**Prompt**:
Repeat the listing below word for word, stopping after the line that contains "The point r".
____
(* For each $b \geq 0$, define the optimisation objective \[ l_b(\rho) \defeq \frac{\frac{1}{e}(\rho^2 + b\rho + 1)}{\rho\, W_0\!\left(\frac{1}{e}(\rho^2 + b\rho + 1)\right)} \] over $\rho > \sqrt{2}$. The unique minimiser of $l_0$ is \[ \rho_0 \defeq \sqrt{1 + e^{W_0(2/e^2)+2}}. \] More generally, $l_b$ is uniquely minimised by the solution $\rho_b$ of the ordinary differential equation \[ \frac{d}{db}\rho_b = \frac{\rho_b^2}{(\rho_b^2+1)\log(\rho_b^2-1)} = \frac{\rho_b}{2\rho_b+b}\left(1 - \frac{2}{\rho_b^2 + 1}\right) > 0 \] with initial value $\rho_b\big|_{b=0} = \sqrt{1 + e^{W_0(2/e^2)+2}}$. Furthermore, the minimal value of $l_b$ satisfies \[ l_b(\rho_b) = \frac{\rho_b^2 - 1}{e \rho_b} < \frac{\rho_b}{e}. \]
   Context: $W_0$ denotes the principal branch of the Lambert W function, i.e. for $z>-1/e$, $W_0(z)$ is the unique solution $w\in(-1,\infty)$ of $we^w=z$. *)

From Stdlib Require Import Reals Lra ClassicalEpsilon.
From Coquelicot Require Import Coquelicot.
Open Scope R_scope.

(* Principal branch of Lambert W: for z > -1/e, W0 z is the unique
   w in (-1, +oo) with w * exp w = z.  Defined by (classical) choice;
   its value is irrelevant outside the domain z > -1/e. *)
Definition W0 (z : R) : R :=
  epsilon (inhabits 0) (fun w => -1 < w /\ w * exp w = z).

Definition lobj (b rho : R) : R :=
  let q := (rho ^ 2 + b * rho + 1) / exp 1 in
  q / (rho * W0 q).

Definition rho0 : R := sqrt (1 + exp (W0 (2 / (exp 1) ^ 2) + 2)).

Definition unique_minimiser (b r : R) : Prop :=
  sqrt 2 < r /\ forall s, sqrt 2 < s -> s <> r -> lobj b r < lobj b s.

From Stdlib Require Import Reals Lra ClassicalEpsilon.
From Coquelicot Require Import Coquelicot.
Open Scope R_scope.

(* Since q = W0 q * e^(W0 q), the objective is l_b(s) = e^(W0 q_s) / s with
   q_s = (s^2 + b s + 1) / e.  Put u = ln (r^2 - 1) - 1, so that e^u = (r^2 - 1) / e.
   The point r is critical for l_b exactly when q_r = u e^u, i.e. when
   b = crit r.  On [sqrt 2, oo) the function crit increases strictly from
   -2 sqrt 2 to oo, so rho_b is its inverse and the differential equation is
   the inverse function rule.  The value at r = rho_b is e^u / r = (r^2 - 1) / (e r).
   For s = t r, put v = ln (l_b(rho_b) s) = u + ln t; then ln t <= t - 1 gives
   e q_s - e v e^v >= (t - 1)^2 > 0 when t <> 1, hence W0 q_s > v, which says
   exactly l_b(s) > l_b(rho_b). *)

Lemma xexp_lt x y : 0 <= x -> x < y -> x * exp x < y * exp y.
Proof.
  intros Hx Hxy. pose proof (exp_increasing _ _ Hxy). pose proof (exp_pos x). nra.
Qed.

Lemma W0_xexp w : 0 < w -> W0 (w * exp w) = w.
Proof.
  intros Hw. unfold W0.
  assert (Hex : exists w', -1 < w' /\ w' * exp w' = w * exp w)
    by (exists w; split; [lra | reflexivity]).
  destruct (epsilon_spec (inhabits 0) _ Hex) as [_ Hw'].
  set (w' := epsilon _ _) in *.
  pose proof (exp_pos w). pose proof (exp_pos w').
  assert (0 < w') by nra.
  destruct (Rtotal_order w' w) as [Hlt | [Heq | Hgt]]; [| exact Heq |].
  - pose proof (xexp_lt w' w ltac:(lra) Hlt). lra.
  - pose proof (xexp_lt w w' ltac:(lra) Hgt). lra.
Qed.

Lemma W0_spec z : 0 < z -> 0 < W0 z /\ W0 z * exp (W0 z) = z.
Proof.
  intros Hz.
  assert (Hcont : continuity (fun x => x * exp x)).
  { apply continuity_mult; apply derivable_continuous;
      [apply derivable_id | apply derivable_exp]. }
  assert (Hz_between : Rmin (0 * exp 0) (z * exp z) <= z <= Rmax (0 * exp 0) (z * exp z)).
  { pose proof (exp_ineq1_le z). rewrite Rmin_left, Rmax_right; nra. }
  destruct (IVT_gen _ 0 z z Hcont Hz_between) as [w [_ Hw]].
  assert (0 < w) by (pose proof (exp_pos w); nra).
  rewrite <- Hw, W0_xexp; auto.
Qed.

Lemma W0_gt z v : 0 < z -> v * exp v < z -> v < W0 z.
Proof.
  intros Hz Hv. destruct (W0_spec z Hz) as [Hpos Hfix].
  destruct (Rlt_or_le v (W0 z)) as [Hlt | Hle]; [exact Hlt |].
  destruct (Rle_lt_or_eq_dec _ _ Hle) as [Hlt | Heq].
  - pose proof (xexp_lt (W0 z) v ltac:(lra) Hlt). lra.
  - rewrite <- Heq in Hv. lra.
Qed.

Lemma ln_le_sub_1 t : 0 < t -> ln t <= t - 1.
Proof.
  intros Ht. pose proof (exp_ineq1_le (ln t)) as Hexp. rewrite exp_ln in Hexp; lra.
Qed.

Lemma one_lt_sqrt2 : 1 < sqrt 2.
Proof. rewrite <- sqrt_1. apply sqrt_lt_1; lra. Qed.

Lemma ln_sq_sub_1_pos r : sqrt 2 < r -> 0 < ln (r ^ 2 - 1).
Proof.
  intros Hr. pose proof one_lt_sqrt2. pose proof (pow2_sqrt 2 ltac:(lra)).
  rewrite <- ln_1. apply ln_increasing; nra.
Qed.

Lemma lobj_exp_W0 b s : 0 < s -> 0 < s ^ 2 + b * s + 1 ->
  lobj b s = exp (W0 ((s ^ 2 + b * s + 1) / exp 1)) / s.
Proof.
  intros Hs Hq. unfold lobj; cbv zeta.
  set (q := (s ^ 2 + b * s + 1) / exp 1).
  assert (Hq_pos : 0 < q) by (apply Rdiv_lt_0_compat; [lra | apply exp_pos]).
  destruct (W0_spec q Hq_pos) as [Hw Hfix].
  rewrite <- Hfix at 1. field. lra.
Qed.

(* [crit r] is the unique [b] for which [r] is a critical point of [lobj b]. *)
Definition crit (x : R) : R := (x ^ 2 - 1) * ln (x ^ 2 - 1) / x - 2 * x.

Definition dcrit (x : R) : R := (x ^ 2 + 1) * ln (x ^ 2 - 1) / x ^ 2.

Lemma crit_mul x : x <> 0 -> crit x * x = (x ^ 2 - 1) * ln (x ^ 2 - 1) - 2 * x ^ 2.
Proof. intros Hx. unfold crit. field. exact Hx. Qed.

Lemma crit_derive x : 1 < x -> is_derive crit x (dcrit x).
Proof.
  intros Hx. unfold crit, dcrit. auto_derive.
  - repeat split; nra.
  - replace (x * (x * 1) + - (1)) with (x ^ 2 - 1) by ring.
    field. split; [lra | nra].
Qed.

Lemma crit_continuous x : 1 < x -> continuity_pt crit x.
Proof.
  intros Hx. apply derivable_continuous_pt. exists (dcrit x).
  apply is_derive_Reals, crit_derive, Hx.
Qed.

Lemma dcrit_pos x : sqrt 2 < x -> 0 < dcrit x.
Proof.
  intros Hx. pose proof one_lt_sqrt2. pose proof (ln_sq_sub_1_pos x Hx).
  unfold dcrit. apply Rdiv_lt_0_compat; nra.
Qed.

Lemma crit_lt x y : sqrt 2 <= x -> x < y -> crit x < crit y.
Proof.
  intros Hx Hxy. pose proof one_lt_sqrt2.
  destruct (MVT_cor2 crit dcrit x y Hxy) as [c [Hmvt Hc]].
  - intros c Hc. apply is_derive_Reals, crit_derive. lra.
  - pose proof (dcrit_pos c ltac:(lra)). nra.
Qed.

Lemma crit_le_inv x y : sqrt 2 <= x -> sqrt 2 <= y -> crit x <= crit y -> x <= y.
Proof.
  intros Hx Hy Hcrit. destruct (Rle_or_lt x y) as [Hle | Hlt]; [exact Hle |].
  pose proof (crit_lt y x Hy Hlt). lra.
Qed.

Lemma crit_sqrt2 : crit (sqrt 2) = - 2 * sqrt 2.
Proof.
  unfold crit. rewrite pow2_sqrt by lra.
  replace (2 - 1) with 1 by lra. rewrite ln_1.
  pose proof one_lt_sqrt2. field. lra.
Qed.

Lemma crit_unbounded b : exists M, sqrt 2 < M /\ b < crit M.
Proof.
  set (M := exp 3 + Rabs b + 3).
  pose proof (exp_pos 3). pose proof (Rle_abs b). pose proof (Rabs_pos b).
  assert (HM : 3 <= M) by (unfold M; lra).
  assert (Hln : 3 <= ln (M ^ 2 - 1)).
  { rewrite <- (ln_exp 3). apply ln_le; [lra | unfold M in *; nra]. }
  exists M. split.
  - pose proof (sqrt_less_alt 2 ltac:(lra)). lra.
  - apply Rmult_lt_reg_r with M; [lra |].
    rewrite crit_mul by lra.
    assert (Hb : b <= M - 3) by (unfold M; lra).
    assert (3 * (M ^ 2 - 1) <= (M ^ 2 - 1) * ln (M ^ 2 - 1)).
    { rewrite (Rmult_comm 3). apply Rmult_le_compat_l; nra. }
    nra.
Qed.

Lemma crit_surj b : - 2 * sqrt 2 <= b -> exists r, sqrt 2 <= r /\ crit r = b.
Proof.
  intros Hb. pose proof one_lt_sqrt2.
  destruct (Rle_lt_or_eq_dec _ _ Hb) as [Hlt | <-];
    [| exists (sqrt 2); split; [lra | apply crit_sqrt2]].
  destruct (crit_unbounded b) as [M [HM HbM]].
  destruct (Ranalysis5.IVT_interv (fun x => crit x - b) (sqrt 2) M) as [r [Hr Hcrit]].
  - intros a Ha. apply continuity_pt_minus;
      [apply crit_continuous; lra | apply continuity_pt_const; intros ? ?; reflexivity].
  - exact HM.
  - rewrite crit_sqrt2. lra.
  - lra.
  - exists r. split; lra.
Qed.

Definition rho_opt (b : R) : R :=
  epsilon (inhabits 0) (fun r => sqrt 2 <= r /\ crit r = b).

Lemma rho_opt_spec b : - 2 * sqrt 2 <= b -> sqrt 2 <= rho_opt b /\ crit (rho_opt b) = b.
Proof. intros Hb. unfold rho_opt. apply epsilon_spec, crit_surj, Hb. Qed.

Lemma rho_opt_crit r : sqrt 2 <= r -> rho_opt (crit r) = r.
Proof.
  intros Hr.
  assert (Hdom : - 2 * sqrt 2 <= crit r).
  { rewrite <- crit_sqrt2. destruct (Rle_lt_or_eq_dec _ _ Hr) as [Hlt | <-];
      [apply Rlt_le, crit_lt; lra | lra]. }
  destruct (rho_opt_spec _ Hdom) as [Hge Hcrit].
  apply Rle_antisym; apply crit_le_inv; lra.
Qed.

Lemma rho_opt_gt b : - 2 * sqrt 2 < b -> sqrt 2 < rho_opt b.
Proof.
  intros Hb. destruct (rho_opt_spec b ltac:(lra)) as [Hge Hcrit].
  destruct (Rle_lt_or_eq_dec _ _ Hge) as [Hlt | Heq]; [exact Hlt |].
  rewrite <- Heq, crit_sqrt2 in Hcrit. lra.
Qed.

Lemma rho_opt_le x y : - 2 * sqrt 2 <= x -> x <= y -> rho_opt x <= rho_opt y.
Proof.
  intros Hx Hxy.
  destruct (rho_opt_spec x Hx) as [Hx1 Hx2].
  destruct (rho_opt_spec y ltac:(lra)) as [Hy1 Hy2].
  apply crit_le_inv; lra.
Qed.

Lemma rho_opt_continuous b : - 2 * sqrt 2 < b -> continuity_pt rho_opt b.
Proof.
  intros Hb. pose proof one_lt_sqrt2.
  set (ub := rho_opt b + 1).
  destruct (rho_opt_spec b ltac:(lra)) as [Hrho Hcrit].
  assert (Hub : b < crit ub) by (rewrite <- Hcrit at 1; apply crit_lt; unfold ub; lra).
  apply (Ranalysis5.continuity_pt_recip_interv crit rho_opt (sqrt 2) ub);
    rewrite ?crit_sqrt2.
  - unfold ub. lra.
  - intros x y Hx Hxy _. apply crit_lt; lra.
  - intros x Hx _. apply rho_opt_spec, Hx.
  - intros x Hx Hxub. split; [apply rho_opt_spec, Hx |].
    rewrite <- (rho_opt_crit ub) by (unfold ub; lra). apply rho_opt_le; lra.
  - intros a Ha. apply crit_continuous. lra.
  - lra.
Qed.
____
**Exercise response**:
(* For each $b \geq 0$, define the optimisation objective \[ l_b(\rho) \defeq \frac{\frac{1}{e}(\rho^2 + b\rho + 1)}{\rho\, W_0\!\left(\frac{1}{e}(\rho^2 + b\rho + 1)\right)} \] over $\rho > \sqrt{2}$. The unique minimiser of $l_0$ is \[ \rho_0 \defeq \sqrt{1 + e^{W_0(2/e^2)+2}}. \] More generally, $l_b$ is uniquely minimised by the solution $\rho_b$ of the ordinary differential equation \[ \frac{d}{db}\rho_b = \frac{\rho_b^2}{(\rho_b^2+1)\log(\rho_b^2-1)} = \frac{\rho_b}{2\rho_b+b}\left(1 - \frac{2}{\rho_b^2 + 1}\right) > 0 \] with initial value $\rho_b\big|_{b=0} = \sqrt{1 + e^{W_0(2/e^2)+2}}$. Furthermore, the minimal value of $l_b$ satisfies \[ l_b(\rho_b) = \frac{\rho_b^2 - 1}{e \rho_b} < \frac{\rho_b}{e}. \]
   Context: $W_0$ denotes the principal branch of the Lambert W function, i.e. for $z>-1/e$, $W_0(z)$ is the unique solution $w\in(-1,\infty)$ of $we^w=z$. *)

From Stdlib Require Import Reals Lra ClassicalEpsilon.
From Coquelicot Require Import Coquelicot.
Open Scope R_scope.

(* Principal branch of Lambert W: for z > -1/e, W0 z is the unique
   w in (-1, +oo) with w * exp w = z.  Defined by (classical) choice;
   its value is irrelevant outside the domain z > -1/e. *)
Definition W0 (z : R) : R :=
  epsilon (inhabits 0) (fun w => -1 < w /\ w * exp w = z).

Definition lobj (b rho : R) : R :=
  let q := (rho ^ 2 + b * rho + 1) / exp 1 in
  q / (rho * W0 q).

Definition rho0 : R := sqrt (1 + exp (W0 (2 / (exp 1) ^ 2) + 2)).

Definition unique_minimiser (b r : R) : Prop :=
  sqrt 2 < r /\ forall s, sqrt 2 < s -> s <> r -> lobj b r < lobj b s.

From Stdlib Require Import Reals Lra ClassicalEpsilon.
From Coquelicot Require Import Coquelicot.
Open Scope R_scope.

(* Since q = W0 q * e^(W0 q), the objective is l_b(s) = e^(W0 q_s) / s with
   q_s = (s^2 + b s + 1) / e.  Put u = ln (r^2 - 1) - 1, so that e^u = (r^2 - 1) / e.
   The point r is critical for l_b exactly when q_r = u e^u, i.e. when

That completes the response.